Als u met statistieken werkt, kunt u histogrammen gebruiken om een visuele samenvatting van een verzameling getallen te geven. Een histogram lijkt een beetje op een staafdiagram dat een reeks verticale kolommen naast elkaar gebruikt om de verdeling van gegevens weer te geven. Om een histogram te maken, sorteert u uw gegevens eerst in "bakken" en telt u vervolgens het aantal gegevenspunten in elke bak. De hoogte van elke kolom in het histogram is dan evenredig met het aantal gegevenspunten dat de bak bevat. Als u het juiste aantal bakken kiest, krijgt u een optimaal histogram.
Bereken de waarde van de derdemachtswortel van het aantal gegevenspunten waaruit uw histogram bestaat. Als u bijvoorbeeld een histogram maakt van de lengte van 200 personen, neemt u de derdemachtswortel van 200, wat 5,848 is. De meeste wetenschappelijke rekenmachines hebben een functie voor de derdemachtswortel die u kunt gebruiken om deze berekening uit te voeren.
Neem het omgekeerde van de waarde die u zojuist hebt berekend. Om dit te doen, kunt u de waarde in 1 delen of de "1/x" -toets op een wetenschappelijke rekenmachine gebruiken. De inverse van 5,848 is 1/5.848 = 0,171.

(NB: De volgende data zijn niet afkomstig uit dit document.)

(* Let $\mathcal{G}=(G,<,+,0,\ldots)$ be an o-minimal expansion of an ordered abelian group satisfying the Bounded Condition. Then a cell $C\subseteq G^n$ is good if and only if $C$ is bounded.
   Context: A definable set $M\subseteq G^n$ is bounded if $M\subseteq[b,b']^n$ for some $b,b'\in G$. $\mathcal{G}$ satisfies the Bounded Condition if whenever $M\subseteq G^m$ is a bounded definable set, $N\subseteq G^n$ is a definable set and there is a definable bijection between $M$ and $N$, then $N$ is bounded. Cells are in the sense of o-minimal structures. For $k\le n$ let $p_k:G^n\to G^k$ be the projection onto the first $k$ coordinates. A cell $C\subseteq G^n$ is exceptional if there exist $k$ and a cell $A\subseteq G^{k-1}$ with $p_k(C)=A\times G$. A non-exceptional cell $C$ is bad if there exist $k$, a cell $A\subseteq G^{k-1}$ and a definable $f:A\to G$ with $p_k(C)=\{(x,t)\in A\times G\mid t<f(x)\}$ or $\{(x,t)\in A\times G\mid f(x)<t\}$. A cell is good if it is neither exceptional nor bad. *)

(* Points of G^n are lists of length n; subsets of G^n are
   predicates on lists (contained in the lists of length n). *)
From Stdlib Require Import List Arith.
Import ListNotations.
Set Implicit Arguments.

Record OAG := {
  carrier :> Type;
  lt : carrier -> carrier -> Prop;
  add : carrier -> carrier -> carrier;
  opp : carrier -> carrier;
  zero : carrier;
  lt_irrefl : forall x, ~ lt x x;
  lt_trans : forall x y z, lt x y -> lt y z -> lt x z;
  lt_total : forall x y, lt x y \/ x = y \/ lt y x;
  addA : forall x y z, add x (add y z) = add (add x y) z;
  addC : forall x y, add x y = add y x;
  add0 : forall x, add zero x = x;
  addN : forall x, add (opp x) x = zero;
  lt_add : forall x y z, lt x y -> lt (add x z) (add y z)
}.

Section Defs.
Variable G : OAG.

Definition le (x y : G) : Prop := lt G x y \/ x = y.

(** Pieces of a finite union of points and open intervals in G
    (interval endpoints in G ∪ {-oo,+oo}, [None] = infinite endpoint). *)
Inductive piece := Pt (a : G) | Itv (lo hi : option G).

Definition in_piece (p : piece) (t : G) : Prop :=
  match p with
  | Pt a => t = a
  | Itv lo hi =>
      match lo with None => True | Some a => lt G a t end /\
      match hi with None => True | Some b => lt G t b end
  end.

Definition full (n : nat) (x : list G) : Prop := length x = n.

(** An o-minimal expansion of (G,<,+,0): for each n, the collection
    [def n] of definable subsets of G^n (with parameters), following
    van den Dries, "Tame topology and o-minimal structures", Ch. 1. *)
Record omin_exp := {
  def : nat -> (list G -> Prop) -> Prop;
  def_sub : forall n S, def n S -> forall x, S x -> length x = n;
  def_ext : forall n S T, def n S -> (forall x, S x <-> T x) -> def n T;
  def_full : forall n, def n (full n);
  def_compl : forall n S, def n S -> def n (fun x => full n x /\ ~ S x);
  def_union : forall n S T, def n S -> def n T -> def n (fun x => S x \/ T x);
  def_prodr : forall n S, def n S ->
      def (n + 1) (fun z => exists x t, z = x ++ [t] /\ S x);
  def_prodl : forall n S, def n S ->
      def (1 + n) (fun z => exists t x, z = t :: x /\ S x);
  def_diag : forall n,
      def n (fun x => full n x /\ nth 0 x (zero G) = nth (n - 1) x (zero G));
  def_proj : forall n S, def (n + 1) S ->
      def n (fun x => exists t, S (x ++ [t]));
  def_lt : def 2 (fun z => exists x y, z = [x; y] /\ lt G x y);
  def_add : def 3 (fun z => exists x y, z = [x; y; add G x y]);
  def_pt : forall a : G, def 1 (fun z => z = [a]);
  ominimal : forall S, def 1 S -> exists ps : list piece,
      forall z, S z <-> exists t, z = [t] /\ exists p, In p ps /\ in_piece p t;
  dense : forall x y : G, lt G x y -> exists z, lt G x z /\ lt G z y;
  no_max : forall x : G, exists y, lt G x y;
  no_min : forall x : G, exists y, lt G y x
}.

Variable M : omin_exp.

Definition in_box (lo hi x : list G) : Prop :=
  length x = length lo /\ length hi = length lo /\
  forall i, i < length lo ->
    lt G (nth i lo (zero G)) (nth i x (zero G)) /\
    lt G (nth i x (zero G)) (nth i hi (zero G)).

Definition def_fun (n : nat) (C : list G -> Prop) (f : list G -> G) : Prop :=
  def M (n + 1) (fun z => exists x, C x /\ z = x ++ [f x]).

Definition cont_on (n : nat) (C : list G -> Prop) (f : list G -> G) : Prop :=
  forall x, C x -> forall a b, lt G a (f x) -> lt G (f x) b ->
    exists lo hi, length lo = n /\ in_box lo hi x /\
      forall y, C y -> in_box lo hi y -> lt G a (f y) /\ lt G (f y) b.

Definition lower_ok (f : option (list G -> G)) (x : list G) (t : G) : Prop :=
  match f with None => True | Some f => lt G (f x) t end.
Definition upper_ok (g : option (list G -> G)) (x : list G) (t : G) : Prop :=
  match g with None => True | Some g => lt G t (g x) end.
Definition ok_bound (n : nat) (C : list G -> Prop) (f : option (list G -> G)) :=
  match f with None => True | Some f => def_fun n C f /\ cont_on n C f end.

(** Cells (van den Dries, Ch. 3, Def. 2.3). *)
Inductive is_cell : nat -> (list G -> Prop) -> Prop :=
| cell_nil : forall D, (forall x, D x <-> x = []) -> is_cell 0 D
| cell_graph : forall n C f D, is_cell n C -> def_fun n C f -> cont_on n C f ->
    (forall z, D z <-> exists x, C x /\ z = x ++ [f x]) -> is_cell (n + 1) D
| cell_band : forall n C (f g : option (list G -> G)) D, is_cell n C ->
    ok_bound n C f -> ok_bound n C g ->
    (forall x, C x -> match f, g with
                      | Some f, Some g => lt G (f x) (g x)
                      | _, _ => True end) ->
    (forall z, D z <-> exists x t, z = x ++ [t] /\ C x /\
                         lower_ok f x t /\ upper_ok g x t) ->
    is_cell (n + 1) D.

Definition proj (k : nat) (C : list G -> Prop) (y : list G) : Prop :=
  exists x, C x /\ y = firstn k x.

Definition bounded (S : list G -> Prop) : Prop :=
  exists b b' : G, forall x, S x -> Forall (fun y => le b y /\ le y b') x.

Definition def_bij (m n : nat) (M1 N1 : list G -> Prop) : Prop :=
  exists Gam, def M (m + n) Gam /\
    (forall z, Gam z -> exists x y, z = x ++ y /\ M1 x /\ N1 y) /\
    (forall x, M1 x -> exists! y, Gam (x ++ y)) /\
    (forall y, N1 y -> exists! x, Gam (x ++ y)).

Definition bounded_condition : Prop :=
  forall m n (M1 N1 : list G -> Prop), def M m M1 -> def M n N1 ->
    bounded M1 -> def_bij m n M1 N1 -> bounded N1.

(** Exceptional / bad / good cells; p_(k+1) with k < n covers 1 <= k+1 <= n. *)
Definition exceptional (n : nat) (C : list G -> Prop) : Prop :=
  exists k A, k < n /\ is_cell k A /\
    forall z, proj (k + 1) C z <-> exists x t, z = x ++ [t] /\ A x.

Definition bad (n : nat) (C : list G -> Prop) : Prop :=
  ~ exceptional n C /\
  exists k A f, k < n /\ is_cell k A /\ def_fun k A f /\
    ((forall z, proj (k + 1) C z <-> exists x t, z = x ++ [t] /\ A x /\ lt G t (f x))
     \/
     (forall z, proj (k + 1) C z <-> exists x t, z = x ++ [t] /\ A x /\ lt G (f x) t)).

Definition good (n : nat) (C : list G -> Prop) : Prop :=
  ~ exceptional n C /\ ~ bad n C.

End Defs.

Arguments bounded {G} S.
Arguments le {G} x y.

(* A bounded cell is good: an exceptional or bad cell has a projection
   containing a ray {a} x (c, +oo) or {a} x (-oo, c), and the projections of a
   bounded set are bounded.  A good cell lies
   over a good cell, which is bounded by induction.  The graph of a definable
   function over a bounded cell C is in definable bijection with C through
   x |-> (x, f x), so it is bounded by the Bounded Condition.  A good band has
   both boundary functions, since otherwise its own projection p_(n+1) would make
   it bad or exceptional, and it is squeezed between their bounded values.  The
   definability of cells and of that bijection follows from the closure of
   definable sets under substitution of coordinates. *)

From Stdlib Require Import List Arith Lia Classical.
Import ListNotations.

Section Lists.
Context {A : Type}.

Lemma snoc_split (z : list A) n : length z = S n ->
  exists x t, z = x ++ [t] /\ length x = n.
Proof.
  intros Hl. destruct (exists_last (l := z)) as [x [t ->]].
  { intros ->; discriminate. }
  exists x, t; split; auto. rewrite length_app in Hl; simpl in Hl; lia.
Qed.

Lemma app_eq_len (a b c d : list A) :
  length a = length b -> a ++ c = b ++ d -> a = b /\ c = d.
Proof.
  revert b; induction a as [|x a IH]; intros [|y b] Hl He; simpl in *;
    try discriminate; auto.
  injection He as -> He. injection Hl as Hl.
  destruct (IH b Hl He) as [-> ->]. auto.
Qed.

Lemma map_nth_seq_app (x y z : list A) d :
  map (fun i => nth i (x ++ y ++ z) d) (seq (length x) (length y)) = y.
Proof.
  revert x; induction y as [|a y IH]; intros x; simpl; auto.
  rewrite <- (Nat.add_0_r (length x)) at 1. rewrite app_nth2_plus. f_equal.
  specialize (IH (x ++ [a])). rewrite length_app, <- !app_assoc, Nat.add_1_r in IH.
  exact IH.
Qed.

Lemma map_nth_seq_prefix (x y : list A) d :
  map (fun i => nth i (x ++ y) d) (seq 0 (length x)) = x.
Proof. exact (map_nth_seq_app [] x y d). Qed.

Lemma map_nth_seq_suffix (x y : list A) d :
  map (fun i => nth i (x ++ y) d) (seq (length x) (length y)) = y.
Proof. pose proof (map_nth_seq_app x y [] d) as H. rewrite app_nil_r in H. exact H. Qed.
(* Let $r \geq 3$ be an integer and $l$ be any integer with $2l+1 \geq r$. If $q \geq 2lr^3$ is a power of an odd prime and $n = rq^2$, then \[ \mathrm{ex}_r\bigl(n, \{C_2, K_{2,t+1}\}\bigr) \geq \frac{l}{r^{3/2}}\, n^{3/2} - \frac{l}{r}\, n, \] where $t = (r-1)(2l^2 - l)$.
   Context: Let $G$ be a multigraph and $\mathcal{F}$ a hypergraph. $\mathcal{F}$ is a Berge-$G$ if there is a bijection $f: E(G) \to E(\mathcal{F})$ with $e \subseteq f(e)$ for every $e \in E(G)$. For a family $\mathcal{G}$ of multigraphs, a hypergraph $\mathcal{H}$ is $\mathcal{G}$-free if for every $G \in \mathcal{G}$, $\mathcal{H}$ contains no subhypergraph isomorphic to a Berge-$G$. $\mathrm{ex}_r(n,\mathcal{G})$ denotes the maximum number of edges in an $n$-vertex $r$-uniform $\mathcal{G}$-free hypergraph. $C_2$ is the multigraph consisting of two vertices joined by two parallel edges (so $C_2$-free means linear), and $K_{2,t+1}$ is the complete bipartite graph with parts of sizes $2$ and $t+1$. *)

From mathcomp Require Import all_boot.
From Stdlib Require Import Reals.
Set Implicit Arguments. Unset Strict Implicit. Unset Printing Implicit Defensive.

(* A finite multigraph: vertex type, edge type, and the two endpoints of each
   edge (parallel edges = distinct edges with the same endpoints). *)
Record multigraph := Multigraph {
  mg_V : finType;
  mg_E : finType;
  mg_ends : mg_E -> mg_V * mg_V }.

Definition hypergraph (n : nat) := {set {set 'I_n}}.

Definition uniformb (r n : nat) (H : hypergraph n) : bool :=
  [forall e in H, #|e| == r].

Definition berge_containsb (n : nat) (H : hypergraph n) (G : multigraph) : bool :=
  [exists phi : {ffun mg_V G -> 'I_n}, exists f : {ffun mg_E G -> {set 'I_n}},
    [&& injectiveb phi, injectiveb f &
        [forall e : mg_E G,
           [&& f e \in H, phi (mg_ends e).1 \in f e & phi (mg_ends e).2 \in f e]]]].

Definition freeb (n : nat) (fam : seq multigraph) (H : hypergraph n) : bool :=
  all (fun G => ~~ berge_containsb H G) fam.

Definition ex_r (r n : nat) (fam : seq multigraph) : nat :=
  \max_(H : hypergraph n | uniformb r H && freeb fam H) #|H|.

Definition C2 : multigraph :=
  @Multigraph 'I_2 'I_2 (fun _ => (ord0, ord_max)).

Definition K2 (m : nat) : multigraph :=
  @Multigraph ('I_2 + 'I_m)%type ('I_2 * 'I_m)%type
    (fun e => (inl e.1, inr e.2)).

Definition odd_prime_power (q : nat) : Prop :=
  exists p k : nat, prime p /\ odd p /\ (0 < k)%N /\ q = (p ^ k)%N.

(* Take a field F of odd order q, an injection c : 'I_r -> F and a set Lam of l
   nonzero slopes such that (c k - c i) x = (c k - c j) y with x, y in Lam and k
   outside {i, j} forces i = j and x = y; as q >= 2 l r^3, Lam can be chosen
   greedily, avoiding the ratios (c k - c j) / (c k - c i).  On r copies of F^2,
   each (a, b, lam, s) with lam in Lam and s <> 0 spans the edge made of the
   points (a + c_i lam s, b + c_i lam s^2), one in each copy i; there are
   l q^2 (q - 1) = l n^(3/2) / r^(3/2) - l n / r such edges.  Two points in
   different copies determine the parameters, so the hypergraph is linear.  A
   common neighbour of two vertices is reached in a copy k through slopes x and y
   and is given by a root of a quadratic whose leading coefficient vanishes only
   when both vertices lie in the same copy and x = y; counting these roots bounds
   every codegree by t = (r - 1)(2 l^2 - l), which excludes a Berge-K_{2,t+1}. *)

Set Warnings "-notation-overridden -ambiguous-paths".
From mathcomp Require Import all_boot all_algebra finfield.
From mathcomp Require Import ring zify.
Import GRing.Theory.
Set Implicit Arguments. Unset Strict Implicit. Unset Printing Implicit Defensive.

Section HypergraphFacts.
Variable T : finType.
Implicit Types (H : {set {set T}}) (u v : T).

Definition linear_hypergraph H :=
  forall e1 e2 x y, e1 \in H -> e2 \in H -> x != y ->
    x \in e1 -> y \in e1 -> x \in e2 -> y \in e2 -> e1 = e2.

Definition common_nbhd H u v : {set T} :=
  [set w | [&& w != u, w != v, [exists e in H, (u \in e) && (w \in e)]
         & [exists e in H, (v \in e) && (w \in e)]]].

Definition codegree_le H t := forall u v, u != v -> #|common_nbhd H u v| <= t.

End HypergraphFacts.

Lemma linear_C2_free n (H : hypergraph n) : linear_hypergraph H -> ~~ berge_containsb H C2.
Proof.
move=> lin; apply/existsP => -[phi /existsP [f /and3P [/injectiveP phi_inj /injectiveP f_inj /forallP f_ok]]].
have /and3P [f0H u0 v0] := f_ok ord0; have /and3P [f1H u1 v1] := f_ok ord_max.
have uv : phi ord0 != phi ord_max by rewrite (inj_eq phi_inj).
by have /f_inj := lin _ _ _ _ f0H f1H uv u0 v0 u1 v1.
Qed.

Lemma codegree_K2_free n (H : hypergraph n) t :
  codegree_le H t -> ~~ berge_containsb H (K2 t.+1).
Proof.
move=> codeg; apply/existsP => -[phi /existsP [f /and3P [/injectiveP phi_inj _ /forallP f_ok]]].
set u := phi (inl ord0); set v := phi (inl ord_max).
have uv : u != v by rewrite (inj_eq phi_inj).
have leaves_sub : [set phi (inr b) | b : 'I_t.+1] \subset common_nbhd H u v.
  apply/subsetP => _ /imsetP [b _ ->]; rewrite inE !(inj_eq phi_inj) /=.
  apply/andP; split; apply/existsP; [exists (f (ord0, b)) | exists (f (ord_max, b))].
    by case/and3P: (f_ok (ord0, b)) => -> -> ->.
  by case/and3P: (f_ok (ord_max, b)) => -> -> ->.
have := leq_trans (subset_leq_card leaves_sub) (codeg u v uv).
by rewrite card_imset ?card_ord ?ltnn // => x y /phi_inj [].
Qed.

Section Relabel.
Variables (aT rT : finType) (g : aT -> rT) (g' : rT -> aT).
Hypotheses (gK : cancel g g') (g'K : cancel g' g).
Variable H : {set {set aT}}.
Let gH := [set g @: e | e : {set aT} in H].

Let mem_relabel (e : {set aT}) x : (x \in g @: e) = (g' x \in e).
Proof. by rewrite (can2_imset_pre _ gK g'K) inE. Qed.

Lemma linear_hypergraph_relabel : linear_hypergraph H -> linear_hypergraph gH.
Proof.
move=> lin _ _ x y /imsetP [e1 e1H ->] /imsetP [e2 e2H ->] xy.
rewrite !mem_relabel => x1 y1 x2 y2.
by rewrite (lin e1 e2 (g' x) (g' y)) // (can_eq g'K).
Qed.

Lemma codegree_le_relabel t : codegree_le H t -> codegree_le gH t.
Proof.
move=> codeg u v uv.
have sub : common_nbhd gH u v \subset g @: common_nbhd H (g' u) (g' v).
  apply/subsetP => w; rewrite mem_relabel !inE !(can_eq g'K).
  case/and4P => -> -> /existsP [_ /andP [/imsetP [e eH ->]]].
  rewrite !mem_relabel => ue /existsP [_ /andP [/imsetP [f fH ->]]].
  rewrite !mem_relabel => vf /=.
  by apply/andP; split; apply/existsP; [exists e | exists f]; rewrite ?eH ?fH.
apply: leq_trans (subset_leq_card sub) _.
by rewrite card_imset ?codeg ?(can_eq g'K) //; apply: can_inj gK.
Qed.

End Relabel.

Lemma card_le_ex_r (V : finType) (H : {set {set V}}) r t :
  (forall e, e \in H -> #|e| = r) -> linear_hypergraph H -> codegree_le H t ->
  (#|H| <= ex_r r #|V| [:: C2; K2 t.+1])%N.
Proof.
move=> unif lin codeg; pose gH := [set enum_rank @: e | e : {set V} in H].
have rank_inj := can_inj (@enum_rankK V).
have -> : #|H| = #|gH| by rewrite card_imset //; apply: imset_inj.
apply: (leq_bigmax_cond (F := fun H : hypergraph #|V| => #|H|)).
rewrite /freeb /= andbT; apply/and3P; split.
- by apply/forall_inP => _ /imsetP [e eH ->]; rewrite card_imset ?unif.
- exact/linear_C2_free/(linear_hypergraph_relabel (@enum_rankK V) (@enum_valK V)).
- exact/codegree_K2_free/(codegree_le_relabel (@enum_rankK V) (@enum_valK V)).
Qed.

Lemma leq_card_bigcup (I T : finType) (P : {pred I}) (G : I -> {set T}) :
  (#|\bigcup_(i in P) G i| <= \sum_(i in P) #|G i|)%N.
Proof.
elim/big_rec2: _ => [|i n S _ le_S_n]; first by rewrite cards0.
exact: leq_trans (leq_card_setU _ _) (leq_add (leqnn _) le_S_n).
Qed.

Lemma double_sum_neqS (T : finType) (L : {set T}) :
  (\sum_(x in L) \sum_(y in L) (x != y).+1 = 2 * #|L| ^ 2 - #|L|)%N.
Proof.
transitivity (\sum_(x in L) (2 * #|L| - 1))%N.
  apply: eq_bigr => x xL; rewrite (big_setD1 x xL) eqxx /=.
  rewrite (eq_bigr (fun=> 2%N)) => [|y]; last by rewrite !inE eq_sym => /andP [/negbTE ->].
  by rewrite sum_nat_const (cardsD1 x L) xL; lia.
rewrite sum_nat_const; nia.
Qed.

Local Open Scope ring_scope.

Lemma card_roots_quadratic (F : finIdomainType) (a b c : F) :
  [|| a != 0, b != 0 | c != 0] ->
  (#|[set x | (a * x ^+ 2 + b * x + c == 0)%R]| <= ((a != 0)%R).+1)%N.
Proof.
move=> abc; set p := a *: 'X^2 + b *: 'X + c%:P.
have p_neq0 : p != 0.
  apply: contraTneq abc => p0.
  have [<- <- <-] : [/\ p`_2 = a, p`_1 = b & p`_0 = c].
    by split; rewrite !coefE /= ?mulr1 ?mulr0 ?addr0 ?add0r.
  by rewrite p0 !coef0 !eqxx.
have size_p : (size p <= ((a != 0)%R).+2)%N.
  apply/leq_sizeP => j; rewrite !coefE; case: eqP => [-> | _];
    by case: j => [|[|[|j]]] //= _; rewrite ?mul0r ?mulr0 ?addr0.
set S := [set x | _].
have S_roots : all (root p) (enum S).
  by apply/allP => x; rewrite mem_enum inE /root !hornerE.
have := max_poly_roots p_neq0 S_roots (enum_uniq (mem S)).
rewrite -cardE => lt_S; exact: leq_trans lt_S size_p.
Qed.

Lemma affine_coefs_eq (F : idomainType) (u v a a' m m' : F) : u != v ->
  a + u * m = a' + u * m' -> a + v * m = a' + v * m' -> a = a' /\ m = m'.
Proof.
move=> uv eu ev.
have diff : (v - u) * (m - m') = 0.
  transitivity ((a + v * m) - (a' + v * m') - ((a + u * m) - (a' + u * m'))); first by ring.
  by rewrite eu ev !subrr.
have mm' : m = m'.
  by apply/eqP; move/eqP: diff; rewrite mulf_eq0 !subr_eq0 eq_sym (negbTE uv).
by split=> //; apply: (addIr (u * m)); rewrite eu mm'.
Qed.

Lemma pchar_odd_two_neq0 (R : nzRingType) p : p \in [pchar R] -> odd p -> 2 != 0 :> R.
Proof.
move=> pR p_odd; rewrite -(dvdn_pcharf pR); apply: contraL p_odd => /(@dvdn_leq p 2 isT).
by move: (pcharf_prime pR); case: p {pR} => [|[|[|]]].
Qed.

Lemma exists_ratio_free_set (F : finFieldType) (R : {set F}) m :
  {in R, forall rho, rho^-1 \in R} -> (m + m * #|R| < #|F|.-1)%N ->
  exists L : {set F}, [/\ #|L| = m.+1, 0 \notin L &
    {in L &, forall x y, x != y -> x / y \notin R}].
Proof.
move=> R_inv; elim: m => [|m IHm] lt_m.
  have /card_gt0P [x] : (0 < #|[set~ (0%R : F)]|)%N by rewrite cardsC1.
  rewrite !inE => x_neq0; exists [set x]; split; rewrite ?cards1 ?inE 1?eq_sym //.
  by move=> y z; rewrite !inE => /eqP -> /eqP ->; rewrite eqxx.
have [|L [card_L L0 L_free]] := IHm; first by lia.
set U := \bigcup_(mu in L) [set rho * mu | rho in R].
have card_U : (#|U| <= m.+1 * #|R|)%N.
  apply: leq_trans (leq_card_bigcup _ _) _; rewrite -card_L -sum_nat_const.
  by apply: leq_sum => mu _; apply: leq_imset_card.
have card_Bad : (#|0%R |: (L :|: U)| < #|F|)%N.
  rewrite cardsU1; apply: leq_ltn_trans (leq_add (leq_b1 _) (leq_card_setU L U)) _.
  rewrite card_L; apply: leq_ltn_trans (leq_add (leqnn 1) (leq_add (leqnn _) card_U)) _.
  lia.
have /card_gt0P [z] : (0 < #|~: (0%R |: (L :|: U))|)%N.
  by rewrite cardsCs setCK subn_gt0.
rewrite !inE negb_or => /andP [z_neq0 /norP [zL zU]].
exists (z |: L); split; first by rewrite cardsU1 zL card_L.
  by rewrite !inE negb_or eq_sym z_neq0.
have zU_ratio y : y \in L -> z / y \notin R.
  move=> yL; apply: contra zU => zyR; apply/bigcupP; exists y => //.
  by apply/imsetP; exists (z / y); rewrite // divfK //; apply: contraNneq L0 => <-.
move=> x y; rewrite !inE => /predU1P [-> | xL] /predU1P [-> | yL] //; first by rewrite eqxx.
- by move=> _; apply: zU_ratio.
- by move=> _; apply: contra (zU_ratio _ xL) => /R_inv; rewrite invf_div.
- exact: L_free.
Qed.

Section SlopeRatios.
Variables (F : finFieldType) (r : nat) (c : 'I_r -> F).

Definition slope_ratios : {set F} :=
  [set (c t.2 - c t.1.2) / (c t.2 - c t.1.1) | t : 'I_r * 'I_r * 'I_r].

Definition slope_separated (L : {set F}) :=
  forall i j k x y, k != i -> k != j -> x \in L -> y \in L ->
    (c k - c i) * x = (c k - c j) * y -> i = j /\ x = y.

Lemma slope_ratios_inv : {in slope_ratios, forall rho, rho^-1 \in slope_ratios}.
Proof.
move=> _ /imsetP [[[i j] k] _ ->]; rewrite invf_div.
by apply/imsetP; exists (j, i, k).
Qed.

Lemma card_slope_ratios : (#|slope_ratios| <= r ^ 3)%N.
Proof.
by apply: leq_trans (leq_imset_card _ _) _; rewrite !card_prod card_ord -!mulnA.
Qed.

Lemma ratio_free_slope_separated (L : {set F}) : injective c -> 0 \notin L ->
  {in L &, forall x y, x != y -> x / y \notin slope_ratios} -> slope_separated L.
Proof.
move=> c_inj L0 L_free i j k x y ki kj xL yL eq_xy.
have nz_diff l : k != l -> c k - c l != 0 by rewrite subr_eq0 (inj_eq c_inj).
have [exy | xy] := eqVneq x y; last first.
  case/negP: (L_free _ _ xL yL xy); apply/imsetP; exists (i, j, k) => //=.
  have y_neq0 : y != 0 by apply: contraNneq L0 => <-.
  apply: (mulfI (nz_diff _ ki)).
  by rewrite mulrA eq_xy mulfK // [RHS]mulrC divfK ?nz_diff.
have x_neq0 : x != 0 by apply: contraNneq L0 => <-.
subst y; move/(mulIf x_neq0)/addrI/oppr_inj: eq_xy => ci_cj.
by split=> //; apply: c_inj.
Qed.
End SlopeRatios.

Section CurveHypergraph.
Variables (F : finFieldType) (r : nat) (c : 'I_r -> F) (Lam : {set F}).
Hypothesis c_inj : injective c.
Hypothesis Lam_neq0 : 0 \notin Lam.
Hypothesis Lam_sep : slope_separated c Lam.
Hypothesis two_neq0 : 2 != 0 :> F.

Definition curve_point (i : 'I_r) (th : F * F * F * F) : F * F :=
  let: (a, b, lam, s) := th in (a + c i * (lam * s), b + c i * (lam * s ^+ 2)).

Definition curve_edge th : {set 'I_r * (F * F)} := [set (i, curve_point i th) | i : 'I_r].

Definition curve_params : {set F * F * F * F} := setX (setX setT Lam) [set~ 0].

Definition curve_hypergraph := curve_edge @: curve_params.

Lemma mem_curve_edge k z th : ((k, z) \in curve_edge th) = (z == curve_point k th).
Proof. by apply/imsetP/eqP => [[i _ [-> ->]] // | ->]; exists k. Qed.

Lemma card_curve_edge e : e \in curve_hypergraph -> #|e| = r.
Proof. by case/imsetP => th _ ->; rewrite card_imset ?card_ord // => i j []. Qed.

Vermenigvuldig uw nieuwe waarde met de standaarddeviatie van uw dataset. De standaarddeviatie is een maat voor de hoeveelheid variatie in een reeks getallen. U kunt een rekenmachine met statistische functies gebruiken om dit aantal voor uw gegevens te berekenen of het handmatig berekenen. Om dit laatste te doen, bepaalt u het gemiddelde van uw gegevenspunten; uitzoeken hoe ver elk gegevenspunt van het gemiddelde is; elk van deze verschillen kwadrateren en vervolgens middelen; neem dan de vierkantswortel van dit getal. Als de standaarddeviatie van uw lengtegegevens bijvoorbeeld 2,8 inch was, zou u 2,8 x 0,171 = 0,479 berekenen.
Vermenigvuldig het getal dat je zojuist hebt afgeleid met 3,49. De waarde 3,49 is een constante die is afgeleid van de statistische theorie en het resultaat van deze berekening is de bakbreedte die u moet gebruiken om een histogram van uw gegevens te construeren. In het geval van het hoogtevoorbeeld zou u 3,49 x 0,479 = 1,7 inch berekenen. Dit betekent dat als uw laagste hoogte 5 voet was, uw eerste bak 5 voet tot 5 voet 1,7 inch zou zijn. De hoogte van de kolom voor deze bak zou afhangen van hoeveel van uw 200 gemeten hoogtes binnen dit bereik waren. De volgende bak zou van 5 voet 1,7 inch tot 5 voet 3,4 inch zijn, enzovoort.